Spectral clustering is a clustering algorithm which is often used in graph theory to separate nodes into distinct groups.
It does this in three main steps. Firstly, we extract an adjacency matrix from the graph. There are different ways of constructing this
matrix, but the underlying ideas remain the same. The adjacency matrix, as the name suggests, describes which nodes are "neighbouring" or
in close proximity to each other. This can be done in a discrete (nearest neighbours) or a more continuous way (using a RBF kernel). Using
this matrix, we can construct a graph Laplacian matrix. The Laplacian matrix of a graph describes many of its important properties, e.g. the sparsest
cut of the graph is approximated by the Fielder vector, which corresponds to the eigenvector related with the second smallest eigenvalue.
Second, we find the spectral decomposition (eigen decomposition) of the Laplacian matrix to retrieve the eigenvalues (spectrum) and corresponding eigenvectors. The eigenvectors are termed spectral
embeddings, which are often used reduced dimension embeddings of the original points. These eigenvectors also have a physical meaning - if we imagine the Laplacian matrix as a
"transformation" of the basis vectors, then the eigenvectors represent certain unit vectors on the space which are not "knocked" off their span. In other words,
eigenvectors are only multiplied by a constant factor when the Laplacian matrix is applied to them. Most choices of adjacency matrix result in symmetric Laplacian
matrices, so the resulting eigenvectors also form a new basis.
Finally, using these spectral embeddings, we can divide up the original points into a specified number of clusters, k. The most common method is to use
the K-means algorithm on the embeddings.
I implemented a spectral clustering algorithm using only numpy and the K-means function from sklearn. I trialled the two adjacency matrix mentioned above, on a simple problem, then a harder one to compare their performance. Both adjacency matrix methods are quite sensitive to hyperparameter values. The tuning process has been abstracted away, using a qualitative trial and error to find a value which classifies the most nodes correctly. Below are the results. It can be seen that the RBF kernel provides an advantage over the nearest neighbours approach, which misclassfies half of one crescent in the harder two moons problem, which is erroneously assigned to the wrong class due to its proximity to the tip of the other crescent. This is unsurprising, as by using nearest neighbours, we are essentially dropping important information about the n - k other nodes.
Coming soon
Maximum likelihood estimation (MLE) is a frequentist approach to inferring model parameters from a dataset. Firstly, we assume that data has been drawn from a particular distribution. This
choice of distribution is key as it can bias the results or provide a bad fit. Using the chosen distribution, we then require some observations/data through experimentation or using
historical data. Distributions are often characterized by certain model parameters, such as the standard deviation and mean for the normal distribution. Assuming an arbitrary set of parameters,
we can find an expression for the total likelihood of having observed our dataset. Using this expression, the next step is to find the "most likely" set of
parameters by maximizing the likelihood expression for each of the parameters (differentiating and setting to zero).
Below are some screenshots from a Jupyter notebook I created, which works through the basic application of maximum likelihood estimation for a univariate normal distribution, where we generate points using
a normal distribution with known parameters and attempt to fit another normal distribution using the outlined MLE methodology.
After progressively more observations, we can see that the estimated parameters from MLE approaches the true underlying distribution.

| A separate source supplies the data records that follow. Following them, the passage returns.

(* Let $R:\mathcal{C}\to\mathcal{D}$ and $L:\mathcal{D}\to\mathcal{C}$ be functors with $L$ left adjoint to $R$. Let $\mathcal{A}$ be a set of basic morphisms in $\mathcal{C}$ and $\mathcal{A}'$ a set of basic morphisms in $\mathcal{D}$ (all of unit cost) such that $R(\mathcal{A})\subset\mathcal{A}'$ and $L(\mathcal{A}')\subset\mathcal{A}$. Then for every finite diagram $D$ in $\mathcal{C}$ and every finite diagram $D'$ in $\mathcal{D}$, $$c^{\lim}_{\mathcal{D},\mathcal{A}'}(R(D))\le c^{\lim}_{\mathcal{C},\mathcal{A}}(D),\qquad c^{\mathrm{colim}}_{\mathcal{C},\mathcal{A}}(L(D'))\le c^{\mathrm{colim}}_{\mathcal{D},\mathcal{A}'}(D').$$
   Context: A diagram of finite shape $I=(V,E,s,t)$ in a category assigns objects to vertices and morphisms $D(e):D(s(e))\to D(t(e))$ to edges (no commutativity required); the image $F(D)$ under a functor $F$ is obtained by applying $F$ to all objects and morphisms. Subdiagrams are restrictions to full subgraphs. A limit computation with basic morphisms $\mathcal{A}$ is a sequence of diagrams $(D_0,\dots,D_s)$ where $D_0$ consists only of morphisms in $\mathcal{A}$ and each $D_i$ ($i\ge1$) is obtained from $D_{i-1}$ by choosing a full subgraph $J_i$, adding a new vertex $v_i$ carrying a limit of $D_{i-1}|_{J_i}$ with edges from $v_i$ to each vertex of $J_i$ carrying the limit cone morphisms, subject to constructivity: if $v_i$ lies in $J_j$ for some $j>i$ then $J_i\subseteq J_j$. Colimit computations are defined dually (colimits, cocone edges into the new vertex, same constructivity). A computation computes $D$ if $D$ is isomorphic to a not-necessarily-full subdiagram of $D_s$; its cost is $s$ plus the number of edges of $D_0$. $c^{\lim}_{\mathcal{C},\mathcal{A}}(D)$ (resp. $c^{\mathrm{colim}}_{\mathcal{C},\mathcal{A}}(D)$) is the minimum cost of a limit (resp. colimit) computation computing $D$, or $\infty$ if none exists. *)

From mathcomp Require Import all_boot.
From Stdlib Require Import Classical ClassicalEpsilon Wf_nat.

Set Implicit Arguments.
Unset Strict Implicit.
Unset Printing Implicit Defensive.

Record category := Category {
  Obj :> Type;
  Hom : Obj -> Obj -> Type;
  idm : forall x, Hom x x;
  comp : forall x y z, Hom y z -> Hom x y -> Hom x z;
  comp_idl : forall x y (f : Hom x y), comp (idm y) f = f;
  comp_idr : forall x y (f : Hom x y), comp f (idm x) = f;
  compA : forall x y z w (f : Hom z w) (g : Hom y z) (h : Hom x y),
      comp f (comp g h) = comp (comp f g) h }.

Arguments Hom {C} x y : rename.
Arguments idm {C} x : rename.
Arguments comp {C x y z} f g : rename.

Record functor (C D : category) := Functor {
  fobj :> C -> D;
  fmap : forall x y : C, Hom x y -> Hom (fobj x) (fobj y);
  fmap_id : forall x, fmap (idm x) = idm (fobj x);
  fmap_comp : forall x y z (f : Hom y z) (g : Hom x y),
      fmap (comp f g) = comp (fmap f) (fmap g) }.

Arguments fmap {C D} F {x y} f : rename.

Record adjunction (C D : category) (L : functor D C) (R : functor C D) := Adjunction {
  adj_unit : forall d : D, Hom d (R (L d));
  adj_counit : forall c : C, Hom (L (R c)) c;
  adj_unit_nat : forall d d' (f : Hom d d'),
      comp (fmap R (fmap L f)) (adj_unit d) = comp (adj_unit d') f;
  adj_counit_nat : forall c c' (g : Hom c c'),
      comp g (adj_counit c) = comp (adj_counit c') (fmap L (fmap R g));
  adj_tri_L : forall d, comp (adj_counit (L d)) (fmap L (adj_unit d)) = idm (L d);
  adj_tri_R : forall c, comp (fmap R (adj_counit c)) (adj_unit (R c)) = idm (R c) }.

Definition is_iso (C : category) (x y : C) (f : Hom x y) : Prop :=
  exists g : Hom y x, comp g f = idm x /\ comp f g = idm y.

Definition basic (C : category) := forall x y : C, Hom x y -> Prop.

(* Diagrams of finite shape (no commutativity required)                *)

Record diagram (C : category) := Diagram {
  dV : finType;
  dE : finType;
  dsrc : dE -> dV;
  dtgt : dE -> dV;
  dobj : dV -> C;
  dmor : forall e, Hom (dobj (dsrc e)) (dobj (dtgt e)) }.

Arguments dV {C} d.
Arguments dE {C} d.
Arguments dsrc {C} d e.
Arguments dtgt {C} d e.
Arguments dobj {C} d v.
Arguments dmor {C} d e.

Definition fdiag (C D : category) (F : functor C D) (X : diagram C) : diagram D :=
  @Diagram D (dV X) (dE X) (dsrc X) (dtgt X) (fun v => F (dobj X v))
    (fun e => fmap F (dmor X e)).

Definition subV (C : category) (X : diagram C) (J : {set dV X}) : finType :=
  {v : dV X | v \in J}.

Definition is_cone (C : category) (X : diagram C) (J : {set dV X}) (Y : C)
    (q : forall v : subV J, Hom Y (dobj X (val v))) : Prop :=
  forall e (hs : dsrc X e \in J) (ht : dtgt X e \in J),
    comp (dmor X e) (q (exist (fun v => v \in J) (dsrc X e) hs))
    = q (exist (fun v => v \in J) (dtgt X e) ht).

Definition is_limit (C : category) (X : diagram C) (J : {set dV X}) (Y : C)
    (pi : forall v : subV J, Hom Y (dobj X (val v))) : Prop :=
  is_cone pi /\
  forall (Z : C) (q : forall v : subV J, Hom Z (dobj X (val v))), is_cone q ->
    exists u : Hom Z Y, (forall v, comp (pi v) u = q v) /\
      forall u' : Hom Z Y, (forall v, comp (pi v) u' = q v) -> u' = u.

Definition is_cocone (C : category) (X : diagram C) (J : {set dV X}) (Y : C)
    (q : forall v : subV J, Hom (dobj X (val v)) Y) : Prop :=
  forall e (hs : dsrc X e \in J) (ht : dtgt X e \in J),
    comp (q (exist (fun v => v \in J) (dtgt X e) ht)) (dmor X e)
    = q (exist (fun v => v \in J) (dsrc X e) hs).

Definition is_colimit (C : category) (X : diagram C) (J : {set dV X}) (Y : C)
    (iota : forall v : subV J, Hom (dobj X (val v)) Y) : Prop :=
  is_cocone iota /\
  forall (Z : C) (q : forall v : subV J, Hom (dobj X (val v)) Z), is_cocone q ->
    exists u : Hom Y Z, (forall v, comp u (iota v) = q v) /\
      forall u' : Hom Y Z, (forall v, comp u' (iota v) = q v) -> u' = u.

(* One step: add a new vertex (None) carrying Y, with one new edge     *)
(* per vertex of J (from the new vertex for limits, into it for        *)
(* colimits).                                                          *)

Section Ext.
Variables (C : category) (X : diagram C) (J : {set dV X}) (Y : C).

Definition ext_V : finType := option (dV X).
Definition ext_E : finType := (dE X + subV J)%type.
Definition ext_obj (v : ext_V) : C := if v is Some w then dobj X w else Y.

Definition extl_src (e : ext_E) : ext_V :=
  match e with inl e => Some (dsrc X e) | inr _ => None end.
Definition extl_tgt (e : ext_E) : ext_V :=
  match e with inl e => Some (dtgt X e) | inr v => Some (val v) end.

Definition ext_lim (pi : forall v : subV J, Hom Y (dobj X (val v))) : diagram C :=
  @Diagram C ext_V ext_E extl_src extl_tgt ext_obj
    (fun e => match e as e0 return Hom (ext_obj (extl_src e0)) (ext_obj (extl_tgt e0)) with
              | inl e => dmor X e | inr v => pi v end).

Definition extc_src (e : ext_E) : ext_V :=
  match e with inl e => Some (dsrc X e) | inr v => Some (val v) end.
Definition extc_tgt (e : ext_E) : ext_V :=
  match e with inl e => Some (dtgt X e) | inr _ => None end.

Definition ext_colim (iota : forall v : subV J, Hom (dobj X (val v)) Y) : diagram C :=
  @Diagram C ext_V ext_E extc_src extc_tgt ext_obj
    (fun e => match e as e0 return Hom (ext_obj (extc_src e0)) (ext_obj (extc_tgt e0)) with
              | inl e => dmor X e | inr v => iota v end).
End Ext.

(* the added vertices (v_1, ..., v_i) are tracked by a predicate *)
Definition ext_added (C : category) (X : diagram C) (added : dV X -> bool)
  (v : option (dV X)) : bool := if v is Some w then added w else true.

(* Limit computations: lim_comp A X added n means X = D_s for a limit
   computation (D_0,...,D_s) of cost n (= s + #edges of D_0), and
   [added] marks v_1,...,v_s.  In D_s the edges out of an added vertex
   v_i are exactly its cone edges, so their targets form J_i; the
   constructivity condition (v_i in J_j, i < j  ==>  J_i subset J_j) is
   checked when v_j is added. *)
Inductive lim_comp (C : category) (A : basic C) :
    forall X : diagram C, (dV X -> bool) -> nat -> Prop :=
| lim_base (X : diagram C) :
    (forall e, A _ _ (dmor X e)) ->
    (forall v, exists e, dsrc X e = v \/ dtgt X e = v) ->
    @lim_comp C A X (fun _ => false) #|dE X|
| lim_step (X : diagram C) added n (J : {set dV X}) (Y : C)
    (pi : forall v : subV J, Hom Y (dobj X (val v))) :
    @lim_comp C A X added n ->
    is_limit pi ->
    (forall w, added w -> w \in J -> forall e, dsrc X e = w -> dtgt X e \in J) ->
    @lim_comp C A (ext_lim pi) (ext_added added) n.+1.

Inductive colim_comp (C : category) (A : basic C) :
    forall X : diagram C, (dV X -> bool) -> nat -> Prop :=
| colim_base (X : diagram C) :
    (forall e, A _ _ (dmor X e)) ->
    (forall v, exists e, dsrc X e = v \/ dtgt X e = v) ->
    @colim_comp C A X (fun _ => false) #|dE X|
| colim_step (X : diagram C) added n (J : {set dV X}) (Y : C)
    (iota : forall v : subV J, Hom (dobj X (val v)) Y) :
    @colim_comp C A X added n ->
    is_colimit iota ->
    (forall w, added w -> w \in J -> forall e, dtgt X e = w -> dsrc X e \in J) ->
    @colim_comp C A (ext_colim iota) (ext_added added) n.+1.

(* D is isomorphic to a (not necessarily full) subdiagram of S         *)

Definition tr (C : category) (V : Type) (ob : V -> C) (x : C) (w w' : V)
    (h : w = w') (f : Hom x (ob w)) : Hom x (ob w') :=
  eq_rect w (fun u => Hom x (ob u)) f w' h.
Arguments tr {C V} ob {x w w'} h f.

Definition iso_subdiag (C : category) (D S : diagram C) : Prop :=
  exists (fV : dV D -> dV S) (fE : dE D -> dE S)
         (hs : forall e, fV (dsrc D e) = dsrc S (fE e))
         (ht : forall e, fV (dtgt D e) = dtgt S (fE e))
         (a : forall v, Hom (dobj D v) (dobj S (fV v))),
    injective fV /\ injective fE /\ (forall v, is_iso (a v)) /\
    forall e, comp (dmor S (fE e)) (tr (dobj S) (hs e) (a (dsrc D e)))
              = comp (tr (dobj S) (ht e) (a (dtgt D e))) (dmor D e).

Inductive natinf := Fin of nat | Inf.

Definition le_inf (a b : natinf) : Prop :=
  match a, b with
  | _, Inf => True
  | Inf, Fin _ => False
  | Fin m, Fin n => m <= n
  end.

Lemma ex_least_nat (P : nat -> Prop) :
  (exists n, P n) -> exists n, P n /\ forall m, P m -> n <= m.
Proof.
move=> h.
have [n [[Pn Hn] _]] :=
  dec_inh_nat_subset_has_unique_least_element P (fun n => classic (P n)) h.
by exists n; split=> // m Pm; apply/leP; apply: Hn.
Qed.

Definition min_cost (P : nat -> Prop) : natinf :=
  match excluded_middle_informative (exists n, P n) with
  | left h => Fin (proj1_sig (constructive_indefinite_description _ (ex_least_nat h)))
  | right _ => Inf
  end.

Definition c_lim (C : category) (A : basic C) (D : diagram C) : natinf :=
  min_cost (fun n => exists (S : diagram C) added, @lim_comp C A S added n /\ iso_subdiag D S).

Definition c_colim (C : category) (A : basic C) (D : diagram C) : natinf :=
  min_cost (fun n => exists (S : diagram C) added, @colim_comp C A S added n /\ iso_subdiag D S).

(* A functor F that sends basic morphisms to basic morphisms and preserves
   limits maps a limit computation (D_0, ..., D_s) step by step to the limit
   computation (F D_0, ..., F D_s): the image of a limit cone is a limit cone,
   the chosen subgraphs J_i and hence constructivity are unchanged, and so is
   the cost.  Since F preserves isomorphic subdiagrams, every computation of D
   yields one of F D of the same cost.  A right adjoint preserves limits and a
   left adjoint preserves colimits, by transposing cones along the
   adjunction. *)

From Pilot Require Import Defs.
From mathcomp Require Import all_boot.
From Stdlib Require Import ClassicalEpsilon FunctionalExtensionality JMeq.

(* Let the composition of Defs shadow [ssrfun.comp] and [ssrfun.compA]. *)
Import Defs.

Lemma le_min_cost (P Q : nat -> Prop) :
  (forall n, P n -> Q n) -> le_inf (min_cost Q) (min_cost P).
Proof.
move=> PQ; rewrite /min_cost.
case: excluded_middle_informative => [exQ|noQ];
  case: excluded_middle_informative => [exP|noP] //=.
- case: constructive_indefinite_description => m [Qm least_m].
  case: constructive_indefinite_description => k [Pk _] /=.
  exact/least_m/PQ.
- by case: exP => k /PQ Qk; apply: noQ; exists k.
Qed.

Lemma tr_fmap (C D : category) (F : functor C D) (V : Type) (ob : V -> C)
    (x : C) (w w' : V) (h : w = w') (f : Hom x (ob w)) :
  tr (fun v => F (ob v)) h (fmap F f) = fmap F (tr ob h f).
Proof. by case: w' / h. Qed.

Lemma iso_subdiag_fdiag (C D : category) (F : functor C D) (X S : diagram C) :
  iso_subdiag X S -> iso_subdiag (fdiag F X) (fdiag F S).
Proof.
case=> fV [fE [hs [ht [a [inj_fV [inj_fE [iso_a a_comm]]]]]]].
exists fV, fE, hs, ht, (fun v => fmap F (a v)); do 3!split=> //.
- move=> v; case: (iso_a v) => g [ga ag]; exists (fmap F g).
  by rewrite -!fmap_comp ga ag !fmap_id.
- by move=> e /=; rewrite !tr_fmap -!fmap_comp a_comm.
Qed.

(* [fdiag F (ext_lim pi)] and [ext_lim (F pi)] differ only in whether F is
   applied outside or inside the matches on vertices and edges; a direct rewrite
   is blocked because the [added] argument of a computation depends on the
   diagram, hence the abstraction over P. *)
Lemma eq_Diagram_added {C : category} (P : forall X : diagram C, (dV X -> bool) -> Prop)
    {V E : finType} {s t : E -> V} {o1 o2 : V -> C}
    {m1 : forall e, Hom (o1 (s e)) (o1 (t e))}
    {m2 : forall e, Hom (o2 (s e)) (o2 (t e))} {added : V -> bool} :
  o1 =1 o2 -> (forall e, JMeq (m1 e) (m2 e)) ->
  P (Diagram m1) added -> P (Diagram m2) added.
Proof.
move=> /functional_extensionality eq_o; subst o2 => eq_m.
by have -> : m1 = m2 by apply: functional_extensionality_dep => e; apply: JMeq_eq.
Qed.

Section FunctorImage.
Context {C D : category} {F : functor C D} {A : basic C} {A' : basic D}.
Hypothesis F_basic : forall (x y : C) (f : Hom x y), A x y f -> A' _ _ (fmap F f).

Section LimitComputations.
Hypothesis F_limit : forall (X : diagram C) (J : {set dV X}) (Y : C)
  (pi : forall v : subV J, Hom Y (dobj X (val v))),
  is_limit pi -> @is_limit D (fdiag F X) J (F Y) (fun v => fmap F (pi v)).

For my research into continuous temporal network analysis, one common model that I have to do parameter fitting for is a Hawkes process, a bursty point process. This
particular model assumes self-exciting events, which means an event instantaneously increases the probability of another event occurring after, decaying over time. For this
model, we follow the same framework as for the normal distribution, with the caveat that we can no longer analytically solve the maximum likelihood estimator due to the
expressions being non-linear. In this case we can employ non-linear optimization methods, such as Newton-Raphson, Powell or LBGS. Again, I provide screenshots of the
derivations.
There are various different methods for non-linear optimization. Some methods will require the further derivations of the gradient with respect to each parameter, and some
even require the hessian matrix for optimization. For simplicity, we use the Nelder-Mead algorithm which only requires the functional value of the log likelihood
at each iteration. We utilise the scipy optimize library to run the optimization and we use the Hawkes library
created by Omita Kahiro to simulate data generated from a hawkes process. Unlike the normal distribution, instead of providing more observations, we instead run the simulation for
longer periods, allowing the model more events to learn the process dynamics from. We use an underlying hawkes process with mu equal to 0.5, alpha equal to 0.8, and beta equal to 1.
These correspond to the baseline rate, jump size and decay strength respectively.
As we can see, the trend in deviation of the parameters is less pronounced here, and it seems somewhere between a simulation of 100 to 500 there was a sharp increase in estimation accuracy, hence the drop in deviations. We also notice that the simulations must be quite high variance, as we see a small increase in deviation from 500 time steps to 1000. This is indeed the case as one event occurring can impact the rest of the simulated time period, leading to drastically different patterns of events for the same hawkes model with same parameters.